╔══

(* If $X$ is a uniformly joinable uniform space and $x_0\in X$, then $\mathrm{pro}\text{-}\pi_1(GP(X,x_0),y_0)$ is trivial, where $y_0$ is the constant generalized path at $x_0$.
   Context: $R(Z,E)$ is the Rips complex of a uniform space $Z$ (vertex set $Z$, simplices the finite $F$ with $F\times F\subset E$); $e(x,y)$ is the edge-path. $\mathrm{pro}\text{-}\pi_1(Z,z)=\{\pi_1(R(Z,E),z)\}_E$ (reverse inclusion, inclusion-induced maps); it is trivial if for every $E$ there is $F\subset E$ with $\pi_1(R(Z,F),z)\to\pi_1(R(Z,E),z)$ trivial. Paths $c,d$ in $R(X,E)$ with end-points in $X$ are $E$-homotopic if their initial points $x_c,x_d$ and terminal points $y_c,y_d$ satisfy $(x_c,x_d),(y_c,y_d)\in E$ and $c\simeq e(x_c,x_d)\ast d\ast e(y_d,y_c)$ rel. end-points in $R(X,E)$. A generalized path from $x$ to $y$ is a family $\{[c_E]\}_E$ of homotopy classes rel. end-points of paths from $x$ to $y$ in $R(X,E)$ with $c_F\simeq c_E$ in $R(X,E)$ for $F\subset E$; it is $F$-short if $(x,y)\in F$ and $c_F\simeq e(x,y)$ in $R(X,F)$. $GP(X,x_0)$ is the set of generalized paths starting at $x_0$ with the uniform structure whose base consists of the sets $F^\ast$ of pairs $(c,d)$ with $c_F$ $F$-homotopic to $d_F$. $X$ is uniformly joinable if for each entourage $E$ there is an entourage $F$ such that any $(x,y)\in F$ are joined by an $E$-short generalized path. *)

From Stdlib Require Import List Relations.
Import ListNotations.
Set Implicit Arguments.

Record UniformSpace : Type := {
  carrier :> Type;
  entourage : (carrier -> carrier -> Prop) -> Prop }.

Definition subrel {T : Type} (F E : T -> T -> Prop) : Prop :=
  forall a b, F a b -> E a b.

Definition is_uniform (X : UniformSpace) : Prop :=
  (exists E, entourage X E) /\
  (forall E, entourage X E -> forall x, E x x) /\
  (forall E F, entourage X E -> subrel E F -> entourage X F) /\
  (forall E F, entourage X E -> entourage X F ->
       entourage X (fun a b => E a b /\ F a b)) /\
  (forall E, entourage X E -> entourage X (fun a b => E b a)) /\
  (forall E, entourage X E -> exists F, entourage X F /\
       forall a b c, F a b -> F b c -> E a c).

Section Rips.
Variable T : Type.
Variable E : T -> T -> Prop.

(* {a,b} is a simplex of R(T,E): {a,b} x {a,b} is contained in E. *)
Definition Redge (a b : T) : Prop := E a a /\ E a b /\ E b a /\ E b b.

Definition Rsimplex3 (u v w : T) : Prop :=
  Redge u v /\ Redge v w /\ Redge u w.

Fixpoint echain (p : list T) : Prop :=
  match p with
  | a :: ((b :: _) as q) => Redge a b /\ echain q
  | _ => True
  end.

Definition is_epath (x y : T) (p : list T) : Prop :=
  hd_error p = Some x /\ last p x = y /\ echain p.

Inductive ep_step : list T -> list T -> Prop :=
| ep_dup : forall l1 u l2, ep_step (l1 ++ u :: u :: l2) (l1 ++ u :: l2)
| ep_tri : forall l1 u v w l2, Rsimplex3 u v w ->
    ep_step (l1 ++ u :: v :: w :: l2) (l1 ++ u :: w :: l2).

(* edge-path equivalence = homotopy rel. end-points in R(T,E) *)
Definition ep_equiv : list T -> list T -> Prop :=
  clos_refl_sym_trans (list T) ep_step.

End Rips.

Definition pro_pi1_trivial (Z : UniformSpace) (z : Z) : Prop :=
  forall E, entourage Z E ->
    exists F, entourage Z F /\ subrel F E /\
      forall p, is_epath F z z p -> ep_equiv E p [z].

(* A generalized path starting at x0 (ending at gp_end): for each entourage
   E, gp_cls E is a homotopy class rel. end-points of edge paths from x0 to
   gp_end in R(X,E) (a set of edge paths); the classes are compatible.
   For non-entourages the field is empty (so that the record is determined
   by its genuine data). *)
Record GPath (X : UniformSpace) (x0 : X) : Type := {
  gp_end : X;
  gp_cls : (X -> X -> Prop) -> list X -> Prop;
  gp_junk : forall E, ~ entourage X E -> forall p, ~ gp_cls E p;
  gp_class : forall E, entourage X E ->
    exists c, is_epath E x0 gp_end c /\
      forall d, gp_cls E d <-> (is_epath E x0 gp_end d /\ ep_equiv E d c);
  gp_compat : forall E F, entourage X E -> entourage X F -> subrel F E ->
    forall d, gp_cls F d -> gp_cls E d }.

Definition F_homotopic (X : Type) (F : X -> X -> Prop) (c d : list X) : Prop :=
  exists xc yc xd yd,
    is_epath F xc yc c /\ is_epath F xd yd d /\ F xc xd /\ F yc yd /\
    ep_equiv F c (xc :: d ++ [yc]).

Definition Fstar (X : UniformSpace) (x0 : X) (F : X -> X -> Prop)
    (c d : GPath X x0) : Prop :=
  exists pc pd, gp_cls c F pc /\ gp_cls d F pd /\ F_homotopic F pc pd.

Definition GP (X : UniformSpace) (x0 : X) : UniformSpace := {|
  carrier := GPath X x0;
  entourage := fun R => exists F, entourage X F /\ subrel (Fstar F) R |}.

Definition E_short (X : UniformSpace) (E : X -> X -> Prop) (x y : X)
    (c : GPath X x) : Prop :=
  gp_end c = y /\ E x y /\ gp_cls c E [x; y].

Definition uniformly_joinable (X : UniformSpace) : Prop :=
  forall E, entourage X E -> exists F, entourage X F /\
    forall x y, F x y -> exists c : GPath X x, @E_short X E x y c.

Definition is_constant_gpath (X : UniformSpace) (x0 : X) (y0 : GPath X x0)
  : Prop :=
  gp_end y0 = x0 /\ forall E, entourage X E -> gp_cls y0 E [x0].

From Stdlib Require Import List Relations ClassicalEpsilon.
Import ListNotations.
Set Implicit Arguments.

(* Fix a basic entourage [Fstar F] of GP(X, x0), let G1 be given by uniform joinability for F,
   and put G = G1 /\ F.  A G-chain w from x0 lifts to a generalized path [lift w]: at every
   scale E, replace each edge of w by an E-representative of a chosen F-short generalized path.
   The initial segments of w form a path of pairwise F-close chains, which [lift] maps to a
   "cone" in R(GP, Fstar F) from [lift [x0]] to [lift w].  Given a loop y0 = c_0, ..., c_n = y0
   in R(GP, Fstar G), pick G-representatives p_i of the c_i.  Each c_i is Fstar F-close to
   [lift p_i], and since p_i and p_(i+1) are G-homotopic up to a last edge, the cones over them
   bound a null-homotopic loop: an elementary homotopy of chains is swept out by a ladder of
   3-simplices of initial segments.  Filling the squares c_i, c_(i+1), lift p_(i+1), lift p_i and
   the cones contracts the loop in R(GP, Fstar F). *)

Lemma exists_snoc {T} (l : list T) (d : T) : l <> [] -> exists m, l = m ++ [last l d].
Proof. intros Hl. exists (removelast l). now apply app_removelast_last. Qed.
Arguments exists_snoc {T} l d _.

(** * Edge paths in Rips complexes *)

Section EdgePaths.
Variable T : Type.
Implicit Types (E : T -> T -> Prop) (l p q : list T).

Lemma last_app_cons l1 l2 (a d : T) : last (l1 ++ a :: l2) d = last (a :: l2) d.
Proof.
  induction l1 as [|b l1 IH]; simpl; auto.
  rewrite IH. destruct l1; reflexivity.
Qed.

Lemma last_cons_default (b : T) q d d' : last (b :: q) d = last (b :: q) d'.
Proof. revert b; induction q as [|c q IH]; intros b; simpl in *; auto. Qed.

Lemma last_map U (f : T -> U) l d : last (map f l) (f d) = f (last l d).
Proof. induction l as [|a [|b l] IH]; simpl in *; auto. Qed.

Lemma ep_equiv_refl E l : ep_equiv E l l.
Proof. apply rst_refl. Qed.

Lemma ep_equiv_sym E l l' : ep_equiv E l l' -> ep_equiv E l' l.
Proof. apply rst_sym. Qed.

Lemma ep_equiv_trans E l1 l2 l3 :
  ep_equiv E l1 l2 -> ep_equiv E l2 l3 -> ep_equiv E l1 l3.
Proof. apply rst_trans. Qed.

Lemma ep_equiv_dup E p u q : ep_equiv E (p ++ u :: u :: q) (p ++ u :: q).
Proof. apply rst_step; constructor. Qed.

Lemma ep_equiv_tri E p u v w q : Rsimplex3 E u v w ->
  ep_equiv E (p ++ u :: v :: w :: q) (p ++ u :: w :: q).
Proof. intros; apply rst_step; constructor; auto. Qed.

Lemma ep_step_app E p q l l' :
  ep_step E l l' -> ep_step E (p ++ l ++ q) (p ++ l' ++ q).
Proof.
  intros [l1 u l2 | l1 u v w l2 H];
    [ pose proof (ep_dup E (p ++ l1) u (l2 ++ q)) as S
    | pose proof (ep_tri (p ++ l1) (l2 ++ q) H) as S ];
    rewrite <- !app_assoc in *; simpl in *; exact S.
Qed.

Lemma ep_equiv_app E p q l l' :
  ep_equiv E l l' -> ep_equiv E (p ++ l ++ q) (p ++ l' ++ q).
Proof.
  induction 1.
  - apply rst_step, ep_step_app; auto.
  - apply rst_refl.
  - now apply rst_sym.
  - eapply rst_trans; eauto.
Qed.

Lemma ep_equiv_app_l E p l l' : ep_equiv E l l' -> ep_equiv E (p ++ l) (p ++ l').
Proof. intros H. pose proof (ep_equiv_app p [] H). now rewrite !app_nil_r in *. Qed.

Lemma ep_equiv_app_r E q l l' : ep_equiv E l l' -> ep_equiv E (l ++ q) (l' ++ q).
Proof. exact (ep_equiv_app [] q (l := l) (l' := l')). Qed.

Lemma Redge_sym E a b : Redge E a b -> Redge E b a.
Proof. unfold Redge; tauto. Qed.

Lemma Redge_refl_l E a b : Redge E a b -> Redge E a a.
Proof. unfold Redge; tauto. Qed.

Lemma Redge_refl_r E a b : Redge E a b -> Redge E b b.
Proof. unfold Redge; tauto. Qed.

Lemma Redge_mono E E' a b : subrel E E' -> Redge E a b -> Redge E' a b.
Proof. intros S (?&?&?&?); repeat split; auto. Qed.

Lemma Rsimplex3_back E a b : Redge E a b -> Rsimplex3 E a b a.
Proof. intros (?&?&?&?); repeat split; auto. Qed.

Lemma ep_equiv_map U E (E' : U -> U -> Prop) (f : T -> U) l l' :
  (forall a b, Redge E a b -> Redge E' (f a) (f b)) ->
  ep_equiv E l l' -> ep_equiv E' (map f l) (map f l').
Proof.
  intros Hf. induction 1 as [l l' []| | |].
  - rewrite !map_app; apply rst_step, ep_dup.
  - rewrite !map_app; apply rst_step, ep_tri. destruct H as (?&?&?); split; auto.
  - apply rst_refl.
  - now apply rst_sym.
  - eapply rst_trans; eauto.
Qed.

Lemma ep_equiv_mono E E' l l' : subrel E E' -> ep_equiv E l l' -> ep_equiv E' l l'.
Proof.
  intros S H. rewrite <- (map_id l), <- (map_id l').
  apply (ep_equiv_map (E := E)); auto. intros a b; now apply Redge_mono.
Qed.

╚══

-- TASK TO CARRY OUT --
Would you copy out each line of the records above where the word "destruct" occurs?

-- TASK RESPONSE --
  rewrite IH. destruct l1; reflexivity.
  - rewrite !map_app; apply rst_step, ep_tri. destruct H as (?&?&?); split; auto.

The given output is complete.